L’alchimie entre les deux actrices principales du film est immédiate, palpable, délicieuse. Adèle Haenel est une Héloïse habitée fascinante et Noémie Merlant en Marianne est époustouflante. Elle est ce regard en coin qui détaille Héloïse, qui essaie de capturer chaque infime partie du sujet qu’elle doit peindre. Elle est dans tous les plans ou presque, c’est elle notre personnage principal, c’est elle notre porte d’entrée dans cet univers sobre, épuré et un peu austère, de ce petit coin de Bretagne sauvage.
Aux allures presque de huis clos, l’intimité construite entre les différents personnages est enveloppante, on s’y réchauffe comme auprès d’un feu, le monde extérieur semble avoir presque disparu.
Une grande caractéristique du film réside enfin dans l’absence absolue de regard masculin. Ce fameux « male gaze » par lequel passe presque la totalité des œuvres d’art, de la peinture au cinéma, et qui influence notre manière de percevoir notre société.
Les hommes n’ont que des rôles mineurs et quasi aucun dialogue. Il s’agit de l’histoire de femmes vues par des femmes, évoluant bien dans un monde patriarcal, sans vraiment le nommer, mais sans jamais l’oublier non plus.
Ce qui rend le film, à mon sens, absolument politique.
Un film d’époque, moderne et politique
Sciamma fait le choix d’un film d’époque, ce qui semble a priori peu propice à l’engagement. Et pourtant, elle y arrive. Elle arrive à faire un parallèle avec notre société moderne, en abordant des sujets et mettant en scène des dialogues qui, bien que respectueux de l’époque dépeinte, ne sont pas ni guindés ni lourds. En faisant ce choix, Sciamma contribue en plus d’une certaine manière à recréer de l’imaginaire collectif et ajouter des perspectives différentes à notre Histoire commune. On y parle règle, avortement, mariage pas forcément consenti, relations lesbiennes. On y parle d’amour, de rencontre, de désir, de résilience.

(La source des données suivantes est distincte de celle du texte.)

Lemma bounded_image_absurd :
  (exists B, forall m, vdist (f (x m)) (f (x O)) <= B) -> False.
Proof.
  intro Hb; destruct (bounded_image_aligned_subseq Hb) as [psi [p [Hpsi [Hconv [Hne Hal]]]]].
  set (z k := x (psi k)); set (r k := vdist (f (z k)) p).
  assert (Hr : forall k, 0 < r k) by (intro k; apply vdist_gt0, Hne).
  assert (Hsmall : forall eps, 0 < eps -> exists k, r k < eps)
    by (intros eps He; destruct (Hconv eps He) as [N HN]; exists N; apply HN; lia).
  pose proof (Hr O) as Hr0.
  assert (Hdist : forall j k, vdist (f (z j)) (f (z k)) <= r j + r k).
  { intros j k; pose proof (vdist_triangle (f (z j)) p (f (z k))) as H.
    now rewrite (vdist_sym p) in H. }
  (* h need not tend to 0 at 0+, so a small value of h is read off two points near p *)
  assert (Hsmall_h : exists t0, 0 < t0 /\ h t0 < r O / 2).
  { destruct (Hsmall (r O / 4)) as [j Hj]; [lra|].
    destruct (Hsmall (r j) (Hr j)) as [k Hk].
    exists (d (z j) (z k)); split.
    - apply dist_pos_of_vdist_pos, vdist_gt0; intro E; unfold r in Hk; rewrite E in Hk; lra.
    - rewrite <- Hiso; pose proof (Hdist j k); pose proof (Hr k); lra. }
  destruct Hsmall_h as [t0 [Ht0 Hht0]].
  set (K := h t0 / t0).
  destruct (snowflaking_steep_near0 h Hh (5 * K + 1)) as [eta [Heta Hsteep]].
  destruct (Hsmall (Rmin (r O / 2) (eta / 2))) as [j Hj].
  { apply Rmin_glb_lt; [apply Rdiv_lt_0_compat; [apply Hr|]|]; lra. }
  assert (Hj' : r j < r O / 2 /\ r j < eta / 2)
    by (split; eapply Rlt_le_trans; eauto; [apply Rmin_l|apply Rmin_r]).
  destruct (Hsmall (r j / 4)) as [k Hk]; [pose proof (Hr j); lra|].
  set (s := d (z O) (z j)); set (t := d (z j) (z k)).
  assert (Hgap : h s + r j / 2 <= r O).
  { unfold s; rewrite <- Hiso; apply (Hal O j); change (r j <= r O); lra. }
  assert (Hhs : r O / 2 < h s).
  { pose proof (vdist_ge_diff (f (z O)) (f (z j)) p); fold (r O) (r j) in *.
    unfold s; rewrite <- Hiso; lra. }
  assert (Hht : h t <= r j + r k) by (unfold t; rewrite <- Hiso; apply Hdist).
  assert (Hhik : r O - r k <= h (d (z O) (z k)))
    by (rewrite <- Hiso; apply (vdist_ge_diff (f (z O)) (f (z k)) p)).
  assert (Ht : 0 < t).
  { apply dist_pos_of_vdist_pos, vdist_gt0; intro E.
    assert (r j = r k) by (unfold r; now rewrite E); pose proof (Hr j); lra. }
  assert (Hts : t0 < s) by (apply (snowflaking_lt_inv h Hh); [apply Hd | lra]).
  assert (HsK : h s <= K * s).
  { pose proof (snowflaking_ratio h Hh t0 s Ht0 ltac:(lra)).
    unfold K; apply (Rmult_le_reg_l t0); [lra|]; field_simplify; lra. }
  pose proof (Hsteep t Ht ltac:(lra)) as Hst.
  pose proof (snowflake_excess_bound h Hh X d (z O) (z j) (z k) (1 / 5) Hd
                ltac:(fold s; lra) ltac:(fold s t; lra)) as Hexc; fold s t in Hexc.
  nra.
Qed.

Nous rencontrons les deux jeunes femmes dans un court instant de respiration entre deux institutions régulant la place de la femme: le couvent et le mariage. Car la place de la femme est au centre même du film. Sa place dans le monde artistique, sa reconnaissance professionnelle, sa place dans la famille, sa réalité biologique, sa prétendue passivité. C’est comme si on donnait enfin une « backstory » à ces personnages qui sont d’habitude dans l’ombre : le sujet d’un tableau, la fille de l’artiste, la domestique. Car il ne faut pas oublier en plus de Marianne et Héloïse, Sophie (Luàna Bajram) la dame de compagnie, à qui on donne enfin une vraie ligne narrative.
Ce film est pour moi une réflexion sur la sortie de la passivité féminine. Il ne s’agit pas d’une simple adoration et fascination d’une muse, mais d’une sorte de collaboration tragique, car elle n’a pour objet que leur séparation. Aucune des deux protagonistes ne perd de vue ce qui est en jeu ici, il s’agit tout de même de peindre le portrait de mariage d’Héloïse, Marianne participant ainsi activement à sa promesse à un autre.
On est loin, très loin d’Hollywood. Il n’y a aucune occupation d’espace qui ne serait pas nécessaire, tout est presque mis à nu dans une merveilleuse esthétique brute. On se sent immergé.e dans ce monde aux allures de peinture, de fresque, symbolisant une douce mise en abîme. Les musiques y sont rares et dès lors puissantes, presque déchirantes. On ne cherche pas à occuper le.la spectateur.rice à tout prix. On cherche à subtilement le.la ramener à cet instant présent, cet instant précieux. À cette rencontre, à ce regard, à la beauté de s’aimer, sans toujours s’appartenir.
Je vous laisse découvrir le trailer ci-dessous – rendez-vous en salle !
Le film est actuellement en projection aux Scala à Genève, et partout en Suisse romande.
Il sera également diffusé dans le cadre du festival du film LGBTIQ+ de Genève (Everybody’s perfect), le samedi 12 octobre à 21h; le mercredi 16 octobre à 16h15 et le samedi 19 octobre à 12h.